A 9-y prospective cohort study was conducted among 996 eligible participants aged at least 40 y from November 1, 2002, through November 30, 2011, in 12 villages in southern China. Interventions were implemented starting in 2002 to improve kitchen ventilation (by providing support and instruction for improving biomass stoves or installing exhaust fans) and to promote the use of clean fuels (i.e., biogas) instead of biomass for cooking (by providing support and instruction for installing household biogas digesters); questionnaire interviews and spirometry tests were performed in 2005, 2008, and 2011. That the interventions improved air quality was confirmed via measurements of indoor air pollutants (i.e., SO₂, CO, CO₂, NO₂, and particulate matter with an aerodynamic diameter of 10 µm or less) in a randomly selected subset of the participants' homes.

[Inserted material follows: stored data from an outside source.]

(* Let $\mathcal T$ be a locally finite partial tessellation of ${\mathbb X}$, let $T_1,T_2$ be tiles of $\mathcal T$, and suppose $S=T_1\cap T_2$ has codimension 1. Let $H$ be the hyperplane generated by $S$. Then: (1) $H$ is an essential hyperplane of both $T_1$ and $T_2$; (2) $T_1$ and $T_2$ are contained in different closed half-spaces bounded by $H$; (3) $S^r\cap T=\emptyset$ for every tile $T$ different from $T_1$ and $T_2$; (4) $S$ is a side of $\mathcal T$.
   Context: ${\mathbb X}$ is $\mathbb R^n$, the unit sphere $\mathbb S^n$, or hyperbolic $n$-space. A subspace is a complete totally geodesic submanifold, a hyperplane one of codimension 1; closed half-spaces are closures of the two components of the complement of a hyperplane; the hyperplane generated by a set is the smallest subspace containing it (when that has codimension 1). A polyhedron is a nonempty intersection of a family of closed half-spaces whose boundary hyperplanes form a locally finite family; its codimension is that of the subspace it generates and $S^r$ is its interior in that subspace; it is thick if it has nonempty interior in ${\mathbb X}$. For a thick polyhedron $P$, a closed half-space $Z$ is essential if $P\subseteq Z$ and $P\cap\partial Z$ has nonempty interior in $\partial Z$; then $\partial Z$ is an essential hyperplane of $P$. A partial tessellation is a set of thick polyhedra (tiles) with pairwise disjoint interiors; locally finite means every compact set meets only finitely many tiles. A cell is a nonempty intersection $C$ of tiles such that for every tile $T$ either $C\subseteq T$ or $C^r\cap T=\emptyset$; a side is a cell of codimension 1. *)

From HB Require Import structures.
From mathcomp Require Import all_boot all_order all_algebra.
From mathcomp Require Import all_classical all_reals all_analysis.
Set Implicit Arguments. Unset Strict Implicit. Unset Printing Implicit Defensive.
Import Order.TTheory GRing.Theory Num.Theory.
Import numFieldNormedType.Exports.
Local Open Scope classical_set_scope.
Local Open Scope ring_scope.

Annual declines in lung function and COPD incidence were compared between those who took up one, both, or neither of the interventions. Use of clean fuels and improved ventilation were associated with a reduced decline in forced expiratory volume in 1 s (FEV₁): decline in FEV₁ was reduced by 12 ml/y (95% CI, 4 to 20 ml/y) and 13 ml/y (95% CI, 4 to 23 ml/y) in those who used clean fuels and improved ventilation, respectively, compared to those who took up neither intervention, after adjustment for confounders. The combined improvements of use of clean fuels and improved ventilation had the greatest favorable effects on the decline in FEV₁, with a slowing of 16 ml/y (95% CI, 9 to 23 ml/y). The longer the duration of improved fuel use and ventilation, the greater the benefits in slowing the decline of FEV₁ (p<0.05). The reduction in the risk of COPD was unequivocal after the fuel and ventilation improvements, with an odds ratio of 0.28 (95% CI, 0.11 to 0.73) for both improvements.
Replacing biomass with biogas for cooking and improving kitchen ventilation are associated with a reduced decline in FEV₁ and risk of COPD.
Chinese Clinical Trial Register ChiCTR-OCH-12002398.